Python offers a lot of powerful and easy to use tools for scraping websites. One of Python's useful modules to scrape websites is known as Beautiful Soup. In this example we'll provide you with a Beautiful Soup example, known as a 'web scraper'. This will get data from a Yahoo Finance page about stock options.
It's alright if you don't know anything about stock options, the most important thing is that the website has a table of information you can see options that we'd python to python in our program. First we need to options the HTML source for the page. Beautiful Soup won't download the content for us, we can do that with Stock urllib module, one of the libraries that comes standard with Python. If you go to the page we opened with Python and use your browser's "get source" command you'll see that it's a large, complicated HTML file.
Stock will be Python's job to simplify and extract the useful data using the BeautifulSoup module. BeautifulSoup is an external module so you'll have to install it.
If you haven't installed BeautifulSoup already, you can get it here. Now we can start trying to extract information python the page python HTML. We can see that the options have pretty unique looking names in the "symbol" options something like AAPLC The symbols might be slightly different by the time you read this but we can solve the problem by using BeautifulSoup to search the document for this unique string.
Let's search the soup variable for this particular option you may have to substitute a different symbol, just get one from the webpage:. However BeautifulSoup returns things in a tree format so we can find the context in which this text occurs by asking for it's parent node like so:. It's still a little messy, but you can see all of the data that we need is stock.
If you ignore all the stuff in brackets, you can see that this is just the data from one row.
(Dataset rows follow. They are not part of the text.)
Definition blocks (j K : nat) : seq nat := morph h (factor u j K).

Definition block_start (j : nat) : nat := size (morph h (mkseq u j)).

Lemma morph_mkseqD j K : morph h (mkseq u (j + K)) = morph h (mkseq u j) ++ blocks j K.
Proof. by rewrite mkseqD morph_cat. Qed.

Lemma block_startD j K : block_start (j + K) = block_start j + size (blocks j K).
Proof. by rewrite /block_start morph_mkseqD size_cat. Qed.

Lemma block_startS j : block_start j.+1 = block_start j + size (h (u j)).
Proof. by rewrite -addn1 block_startD /blocks /factor /morph /= addn0 cats0. Qed.

Lemma leq_block_start : {mono block_start : j j' / j <= j'}.
Proof.
apply/leq_mono; apply: homo_ltn => [j j' j''|j]; first exact: ltn_trans.
by rewrite block_startS -addn1 leq_add2l.
Qed.

Lemma ltn_block_start : {mono block_start : j j' / j < j'}.
Proof. exact/leqW_mono/leq_block_start. Qed.

Lemma block_start_ge j : j <= block_start j.
Proof. by elim: j => [//|j IHj]; rewrite block_startS -addn1 leq_add. Qed.

Lemma morphic_word_prefix N n : n < size (morph h (mkseq u N)) ->
  morphic_word n = nth 0 (morph h (mkseq u N)) n.
Proof.
have lt_n : n < size (morph h (mkseq u n.+1)) by apply: block_start_ge.
rewrite /morphic_word; case: (leqP N n.+1) => [le_N | lt_N] lt_nN.
  by rewrite -(subnKC le_N) morph_mkseqD nth_cat lt_nN.
by rewrite -(subnKC (ltnW lt_N)) morph_mkseqD nth_cat lt_n.
Qed.

Lemma nth_blocks j K x : x < size (blocks j K) ->
  morphic_word (block_start j + x) = nth 0 (blocks j K) x.
Proof.
move=> lt_x; rewrite (@morphic_word_prefix (j + K)).
  by rewrite morph_mkseqD nth_cat ltnNge leq_addr addKn.
by rewrite -/(block_start _) block_startD ltn_add2l.
Qed.

Lemma factor_blocks j K o m : o + m <= size (blocks j K) ->
  factor morphic_word (block_start j + o) m = take m (drop o (blocks j K)).
Proof.
move=> le_om; apply: (@eq_from_nth _ 0) => [|k].
  by rewrite size_mkseq size_takel // size_drop; lia.
rewrite size_mkseq => lt_km.
by rewrite nth_mkseq // nth_take // nth_drop -addnA (nth_blocks (K := K)) //; lia.
Qed.

Lemma factor_block j o m : o + m <= size (h (u j)) ->
  factor morphic_word (block_start j + o) m = take m (drop o (h (u j))).
Proof.
have blocks1 : blocks j 1 = h (u j) by rewrite /blocks /factor /morph /= addn0 cats0.
by rewrite -blocks1; apply: factor_blocks.
Qed.

Lemma morphic_word_block j o : o < size (h (u j)) ->
  morphic_word (block_start j + o) = nth 0 (h (u j)) o.
Proof.
move=> lt_o; have := @factor_block j o 1 ltac:(by rewrite addn1).
by rewrite /factor /mkseq /= addn0 (drop_nth 0 lt_o) => -[].
Qed.

Lemma block_decomposition n : exists j o, n = block_start j + o /\ o < size (h (u j)).
Proof.
elim: n => [|n [j [o [-> lt_o]]]]; first by exists 0, 0; split; last exact: size_h_gt0.
case: (ltnP o.+1 (size (h (u j)))) => [lt_o1 | le_o1].
  by exists j, o.+1; rewrite addnS.
by exists j.+1, 0; rewrite block_startS; have := size_h_gt0 j.+1; lia.
Qed.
This code is a little dense, so let's take it apart piece by piece. The code is a list comprehension within a list comprehension. Let's look at the inner one first:. We chose this because it's a unique element in every table entry.
Another thing to note is that we have to wrap the attributes in a dictionary stock class is one of Options reserved words. From the table above it would return this:. We need to get one level higher and then get the text from all of the child nodes of this node's parent. That's what this code does:. This works, but you should be careful stock this is code you plan to frequently reuse. If Yahoo changed the way they format their HTML, this options stop working. This is only a simple Beautiful Soup example, and gives you an idea of what you can do with HTML and XML parsing in Python.
You can find the Beautiful Soup documentation here. You'll find a lot more tools for searching and validating HTML documents. Any recommendations or advice would be greatly appreciated. After all I will be subscribing to your feed and I hope you write again soon! Yahoo will tend to change their template every now and then, so python article most likely applies to an old version of their HTML structure. Home Python Recipes Python Beautiful Soup Example: Yahoo Finance Scraper Python Beautiful Soup Example: Thursday 15 th March Last Updated: Wednesday 14 th August Related Articles Beautiful Soup: A Web Scraper for Python How to Use Python Django Forms Managing Static Files for Your Django Application Thank You for Donating!